Big Tech’s Bounceback Is a Glimmer of Hope After Steep Selloff
(Bloomberg) -- US stock futures extended gains after markets closed Tuesday as investors appear to be embracing risk, at least for the start of the week, as markets resume trading in full force following America’s long Independence Day holiday weekend.
Most Read from Bloomberg
Musk Backs Out of $44 Billion Twitter Deal Over Bot Accounts
Putin Is Set to Halt Gas and Germany Fears It’s Not Coming Back
Traders departed from this year’s winning strategy of buying energy stocks after West Texas Intermediate crude tumbled below $100 a barrel for the first time in a month. Instead, they snapped up shares of technology stalwarts and delved into some of the riskiest corners of the market -- from Peloton Interactive Inc to Coinbase Global Inc.
Futures contracts tied to the Nasdaq 100 Index were up 1.7% in after-hours trading, holding onto the the tech-heavy benchmark’s comeback in which it erased steep losses after tumbling as much as 1.9% earlier in Tuesday’s session. Tech giants like Apple Inc., Amazon.com Inc. and Google parent Alphabet Inc. led the rally.
Even with Tuesday’s rally, strategists say it is too early to tell if there’s a durable shift in the stock market’s leadership. But there are hints of that appearing, as the S&P 500’s best-performing sector of 2022 -- energy-- gets pummeled. The group, which has surged nearly 26% in 2022, sank 4% Tuesday for its worst day in nearly two weeks after oil futures sank. The group has shed 21% in the past month.

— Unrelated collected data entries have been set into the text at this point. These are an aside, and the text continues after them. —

Lemma unitary_polar : exists2 delta : R, 0 < delta & forall h, 0 <= h <= delta ->
  - (pi / 4) <= phi h <= pi / 4 /\ c h = (cos (phi h))%:C + 'i * (sin (phi h))%:C.
Proof.
have pi0 := @pi_gt0 R.
have [e1 e10 lt1] := near_at_right0 _ (cvgr_lt _ phi_cvg0 (pi / 4) ltac:(lra)).
have [e2 e20 gt2] := near_at_right0 _ (cvgr_gt _ phi_cvg0 (- (pi / 4)) ltac:(lra)).
have [e3 e30 gt3] := near_at_right0 _ (cvgr_gt _ (cvg_Re c_cvg) 0 ltr01).
pose e := Num.min e1 (Num.min e2 e3).
have e0 : 0 < e by rewrite !lt_min e10 e20 e30.
have [e_e1 e_e2 e_e3] : [/\ e <= e1, e <= e2 & e <= e3] by rewrite !ge_min !lexx /= !orbT.
exists (e / 2) => [|h /andP[h0 he]]; first by rewrite divr_gt0.
have ReIm := unit_ReIm _ (c_unit _ h0).
have [phi_h Re_h] : - (pi / 4) <= phi h <= pi / 4 /\ 0 < complex.Re (c h).
  have [->|h_neq0] := eqVneq h 0.
    by rewrite /phi c0 /= asin0; split; [apply/andP; split|]; lra.
  have h_gt0 : 0 < h by rewrite lt_neqAle eq_sym h_neq0.
  have := lt1 h h_gt0; have := gt2 h h_gt0; have := gt3 h h_gt0.
  by move=> /(_ ltac:(lra)) ? /(_ ltac:(lra)) ? /(_ ltac:(lra)) ?; split; [apply/andP; split|]; lra.
have Im_h : -1 <= complex.Im (c h) <= 1 by apply/andP; split; nra.
split => //; rewrite [LHS]complexE; congr (_%:C + _ * _%:C); last by rewrite /phi asinK.
rewrite /phi cos_asin // (_ : 1 - _ = complex.Re (c h) ^+ 2); last by lra.
by rewrite sqrtr_sqr ger0_norm // ltW.
Qed.

Lemma unitary_right_deriv :
  exists lam : R, (fun h : R => ((h^-1)%:C * (c h - 1) : Ko)) @ 0^'+ --> ('i * lam%:C : Ko).
Proof.
have pi0 := @pi_gt0 R.
have [delta delta0 polar] := unitary_polar.
have phiD s t : 0 <= s -> 0 <= t -> s + t <= delta -> phi (s + t) = phi s + phi t.
  move=> s0 t0 std.
  have [/andP[? ?] cs] := polar s ltac:(apply/andP; split; lra).
  have [/andP[? ?] ct] := polar t ltac:(apply/andP; split; lra).
  have Im_st : complex.Im (c (s + t)) = sin (phi s + phi t).
    by rewrite cD // cs ct sinD /=; ring.
  by rewrite {1}/phi Im_st sinK // in_itv /=; apply/andP; split; lra.
exists (phi delta / delta).
have phi_lin := @additive_linear _ phi delta delta0 phiD phi_cvg0.
pose G h := ((cos (phi delta / delta * h) - cos 0) / h)%:C +
            'i * ((sin (phi delta / delta * h) - sin 0) / h)%:C : Ko.
have G_c : {near 0^'+, G =1 (fun h : R => ((h^-1)%:C * (c h - 1) : Ko))}.
  exists delta => // h /= hb h0.
  have hd : 0 <= h <= delta.
    by move: hb; rewrite sub0r normrN gtr0_norm // => hb; rewrite ltW //= ltW.
  have lam_h : phi h = phi delta / delta * h.
    by rewrite phi_lin // mulrC mulrA mulrAC.
  rewrite /G (polar h hd).2 lam_h sin0 cos0.
  by apply/eqP; rewrite eq_complex /=; apply/andP; split; apply/eqP; ring.
apply: cvg_trans (near_eq_cvg G_c) _.
have Hcos := is_derive0_dilate_right _ _ (phi delta / delta) (is_derive_cos 0).
have Hsin := is_derive0_dilate_right _ _ (phi delta / delta) (is_derive_sin 0).
rewrite sin0 oppr0 mulr0 in Hcos; rewrite cos0 mulr1 in Hsin.
rewrite (_ : 'i * _ = (0 : R)%:C + 'i * (phi delta / delta)%:C); last by rewrite add0r.
apply: cvgD; first exact: cvg_realC Hcos.
by apply: cvgM; [exact: cvg_cst | exact: cvg_realC Hsin].
Qed.

End UnitarySemigroup.

Theorem mainTheorem3 (R : realType) (X : completeNormedModType R[i])
  (J : X -> X -> R[i]) (x : X) (T : R -> X -> X) (D : set X) (A : X -> X) :
  duality_section J ->
  rnorm x = 1 ->
  (forall y : X, rnorm y = 1 -> y <> x -> rnorm (x + y) < 2) ->
  C0_contraction_semigroup T ->
  is_generator T D A ->
  (fun t : R => complex.Re `|J x (T t x)|) @ +oo --> (1 : R) ->
  D x /\ exists lambda : R, A x = ('i * lambda%:C) *: x.
Proof.
move=> HJ x1 x_rotund [Tlin [_ [T0 [TD [Tcontr T_cvg]]]]] [Ddef Agen] J_orbit.
have [Jxx J_le] := duality_unit _ _ HJ x1.
have [Jlin Jcont] := (HJ x).1.
have eigen := orbit_eigen (J x) T x Jlin J_le Jxx x1 x_rotund Tlin TD Tcontr J_orbit.
pose c s := J x (T s x).
have cD s t : 0 <= s -> 0 <= t -> c (s + t) = c s * c t.
  move=> s0 t0; rewrite {1}/c TD // (eigen t t0).1 (lin_axiomZ _ (Tlin s s0)).
  by rewrite (lin_axiomZ (J x : X -> R[i]^o)) // mulrC.
have c_cvg : (c : R -> R[i]^o) @ 0^'+ --> (1 : R[i]^o).
  by rewrite -Jxx; apply: continuous_cvg; [exact: Jcont | exact: T_cvg].
have c0 : c 0 = 1 by rewrite /c T0.
have [lam c'0] := @unitary_right_deriv R c c0 (fun s s0 => (eigen s s0).2) cD c_cvg.
have dq : diff_quot T x @ 0^'+ --> ('i * lam%:C) *: x.
  apply: cvg_trans (cvgZr_tmp c'0); apply: near_eq_cvg; exists 1 => [|h /= _ h0]; first exact: ltr01.
  by rewrite /diff_quot (eigen h (ltW h0)).1 -scalerA scalerBl scale1r.
have Dx : D x by rewrite Ddef; exact: cvgP dq.
by split => //; exists lam; exact: cvg_unique (Agen x Dx) dq.
Qed.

That may be a sign that traders are starting to give up and selling everything, a much-needed process for the market to bottom out as pessimism reaches extremes. Now, traders are looking for more panic selling as sentiment remains bearish.
Retail traders snapped up large-cap technology stocks Tuesday. Tesla Inc., Nvidia Corp., and Advanced Micro Devices Inc. were among the most bought stocks on Fidelity’s platform with buy orders outnumbering those to sell shares.

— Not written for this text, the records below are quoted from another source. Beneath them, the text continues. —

Lemma diag_code_orth a : adj (phiplus C d) *m tensvec (diag_code a) = 0.
Proof.
rewrite [LHS]mx11_scalar phiplusE dot_tensvec.
rewrite sum_diag => [|l k lk]; last by rewrite /diag_code (negbTE lk) mulr0.
rewrite /diag_code.
under eq_bigr do rewrite eqxx mulr1 conj_Creal ?invsqrtC_nat_real //.
rewrite -mulr_sumr /diag_amp sum_step; last by rewrite ltnS.
by rewrite mulNr addrN mulr0 raddf0.
Qed.

Lemma offdiag_code_norm p :
  adj (tensvec (offdiag_code p)) *m tensvec (offdiag_code p) = 1%:M.
Proof.
rewrite [LHS]mx11_scalar dot_tensvec; congr (_%:M).
case: (mxtens_indexP p) => l0 m0.
under eq_bigr do under eq_bigr do rewrite offdiag_codeE rmorph_nat.
by rewrite sum_delta_pair !eqxx.
Qed.

Lemma offdiag_code_orth p : adj (phiplus C d) *m tensvec (offdiag_code p) = 0.
Proof.
rewrite [LHS]mx11_scalar phiplusE dot_tensvec.
case: (mxtens_indexP p) => l0 m0.
under eq_bigr do under eq_bigr do rewrite offdiag_codeE mulrC.
by rewrite sum_delta_pair (negbTE (neq_lift l0 m0)) mulr0 rmorph0 raddf0.
Qed.

Lemma code_norm s : adj (tensvec (code s)) *m tensvec (code s) = 1%:M.
Proof. by rewrite /code; case: split => [a|p]; [exact: diag_code_norm | exact: offdiag_code_norm]. Qed.

Lemma code_orth s : adj (phiplus C d) *m tensvec (code s) = 0.
Proof. by rewrite /code; case: split => [a|p]; [exact: diag_code_orth | exact: offdiag_code_orth]. Qed.


Lemma sum_diag_decode (b : 'I_n.+1) (F : nat -> C) :
  \sum_(l < d) (diag_decode l == b)%:R * F l =
  if b == 0 :> nat then F 0%N + F 1%N else F b.+1.
Proof.
under eq_bigr do rewrite -val_eqE /= diag_decodeE.
rewrite 2!big_ord_recl /=.
case: b => [[|b] /= lt_bn].
  by rewrite !mul1r big1 ?addr0 // => i _; rewrite mul0r.
rewrite !mul0r !add0r (bigD1 (Ordinal (lt_bn : (b < n)%N))) //= eqxx mul1r big1 ?addr0 // => i ib.
by move: ib; rewrite -val_eqE /bump !leq0n !add1n eqSS => /negbTE ->; rewrite mul0r.
Qed.

Lemma sum_diag_decode_amp (a b : 'I_n.+1) :
  \sum_(l < d) (diag_decode l == b)%:R * `|diag_amp a l| ^+ 2 = MSigma C d a b.
Proof.
rewrite (sum_diag_decode b (fun l => `|diag_amp a l| ^+ 2)) /MSigma mxE !real_normK ?diag_amp_real // /diag_amp /=.
have c2 : diag_scale a ^+ 2 = ((a.+1 * a.+2)%:R)^-1 by rewrite expr2 diag_scale_sqr.
case: b => [[|b] /= _].
  case: a c2 => [[|a] ha] c2 /=;
    by rewrite ?mulr1n ?mulN1r ?sqrrN c2 -mulr2n mulr_natl.
case: (ltngtP a.+1 b.+2) => _; rewrite ?expr0n //.
  by rewrite c2 div1r.
rewrite exprMn sqrrN c2 !natrM.
by field; rewrite -!natrD [1 + _]addrC natr1 !pnatr_eq0.
Qed.


Lemma sqr_norm_nat (b : bool) : `|(b%:R : C)| ^+ 2 = b%:R.
Proof. by case: b; rewrite ?normr1 ?normr0 expr2 ?mulr1 ?mulr0. Qed.

Lemma sum_decode_code (s j : S) :
  \sum_l \sum_k (decode l k == j)%:R * `|code s l k| ^+ 2 =
  block_mx (MSigma C d) 0 0 (1%:M : 'M[C]_(d * n.+1)) s j.
Proof.
case: (split_ordP s) => [a -> | p ->]; rewrite /code ?(unsplitK (inl _)) ?(unsplitK (inr _)).
  rewrite sum_diag => [|l k lk]; last by rewrite /diag_code (negbTE lk) normr0 expr2 !mulr0.
  under eq_bigr do rewrite /diag_code /decode !eqxx.
  case: (split_ordP j) => [b -> | p' ->].
    by under eq_bigr do rewrite eq_lshift; rewrite block_mxEul sum_diag_decode_amp.
  under eq_bigr do rewrite eq_lrshift mul0r.
  by rewrite big1 // block_mxEur mxE.
case: (mxtens_indexP p) => l0 m0.
under eq_bigr do under eq_bigr do rewrite offdiag_codeE sqr_norm_nat mulrC.
rewrite sum_delta_pair /decode (negbTE (neq_lift l0 m0)) liftK /=.
case: (split_ordP j) => [b -> | p' ->].
  by rewrite eq_rlshift block_mxEdl mxE.
by rewrite eq_rshift block_mxEdr mxE.
Qed.

Lemma Mkd_block (i j : 'I_(d ^ 2 - 1)) :
  Mkd C d i j = block_mx (MSigma C d) 0 0 (1%:M : 'M[C]_(d * n.+1))
     (cast_ord (esym (Mkd_dim d)) i) (cast_ord (esym (Mkd_dim d)) j).
Proof. by rewrite /Mkd castmxE. Qed.

Lemma Mkd_trig (i j : 'I_(d ^ 2 - 1)) : (i < j)%N -> Mkd C d i j = 0.
Proof.
rewrite Mkd_block.
have <- : (cast_ord (esym (Mkd_dim d)) i : nat) = i by [].
have <- : (cast_ord (esym (Mkd_dim d)) j : nat) = j by [].
set i' := cast_ord _ i; set j' := cast_ord _ j.
case: (split_ordP i') => [a -> | p ->]; case: (split_ordP j') => [b -> | q ->] /= ij.
- by rewrite block_mxEul mxE /= ltnS ij.
- by rewrite block_mxEur mxE.
- by move: ij; rewrite ltnNge (leq_trans (ltnW (ltn_ord b)) (leq_addr _ _)).
- rewrite ltn_add2l in ij.
  by rewrite block_mxEdr mxE -val_eqE /= ltn_eqF.
Qed.

Lemma Mkd_diag_neq0 (i : 'I_(d ^ 2 - 1)) : Mkd C d i i != 0.
Proof.
rewrite Mkd_block; set i' := cast_ord _ i.
case: (split_ordP i') => [a -> | p ->].
  rewrite block_mxEul mxE /= ltnn eqxx.
  by case: ifP => _; apply: mulf_neq0; rewrite ?invr_eq0 ?pnatr_eq0.
by rewrite block_mxEdr mxE eqxx oner_eq0.
Qed.


Lemma Mkd_Pmin (V : 'M[C]_(d * d, d ^ 2 - 1)) :
  is_isometry V -> adj (phiplus C d) *m V = 0 ->
  @Pmin C (d ^ 2 - 1) d d (d ^ 2 - 1) (d ^ 2 - 1) V (Mkd C d).
Proof.
move=> isoV phiV.
have dim : (d ^ 2 - 1 + 1 = d * d)%N by rewrite subnK ?expn_gt0 // mulnn.
have VV := isometry_proj_compl dim isoV phiV phiplus_norm.
pose cst i := cast_ord (esym (Mkd_dim d)) i.
pose psi i := tensvec (code (cst i)).
exists (fun i => adj V *m (psi i *m adj (psi i)) *m V), d, d,
  (fun l => delta_mx l l), (fun k => delta_mx k k),
  (fun l k j => (decode l k == cst j)%:R).
split=> [i|]; first exact: encoded_state_density VV (code_orth _) (code_norm _).
split; first exact: povm_delta.
split; first exact: povm_delta.
split=> [l k j|]; first by rewrite ler0n.
split=> [l k | i j].
  have decodeK : cst (cast_ord (Mkd_dim d) (decode l k)) = decode l k by apply: val_inj.
  rewrite (bigD1 (cast_ord (Mkd_dim d) (decode l k))) //= decodeK eqxx big1 ?addr0 // => j.
  by apply: contraNeq; rewrite pnatr_eq0 eqb0 negbK => /eqP->; apply/eqP/val_inj.
rewrite (encoded_state_output VV (code_orth _)) Mkd_block -sum_decode_code.
apply: eq_bigr => l _; apply: eq_bigr => k _.
by rewrite mxtrace_tens_delta_proj tensvecE.
Qed.

End Code.

Theorem theorem3 (C : numClosedFieldType) (d : nat) (hd : (3 <= d)%N)
    (V : 'M[C]_(d * d, d ^ 2 - 1)) :
  is_isometry V ->
  adj (phiplus C d) *m V = 0 ->
  @Pmin C (d ^ 2 - 1) d d (d ^ 2 - 1) (d ^ 2 - 1) V (Mkd C d) /\
  forall dt : nat, (dt < d ^ 2 - 1)%N ->
    ~ (forall P : 'M[C]_(d ^ 2 - 1, d ^ 2 - 1),
         @Pmin C (d ^ 2 - 1) d d (d ^ 2 - 1) (d ^ 2 - 1) V P -> Pset dt P).
Proof.
case: d hd V => [|[|n]] // _ V isoV phiV.
have MkdP := Mkd_Pmin isoV phiV.
split=> // dt lt_dt PminP.
have := Pset_trig_dim (@Mkd_trig C n) (@Mkd_diag_neq0 C n) (PminP _ MkdP).
by rewrite leqNgt lt_dt.
Qed.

Individual investors appear to prefer to “hide out in the run-up to any recession” by buying shares of tech giants, like the FAANG stocks and chipmakers Nvidia and AMD, Vanda Research analysts said in a note. The FAANG basket has seen $704 million in retail inflows over the past week through Friday’s close, Vanda data show.
Most Read from Bloomberg Businessweek
The US Industrial Complex Is Starting to Buckle From High Power Costs
The Fuel Thefts That AMLO Tried to End Are Getting Worse Again
The Lottery Lawyer Won Their Trust, Then Lost Their Mega Millions
©2022 Bloomberg L.P.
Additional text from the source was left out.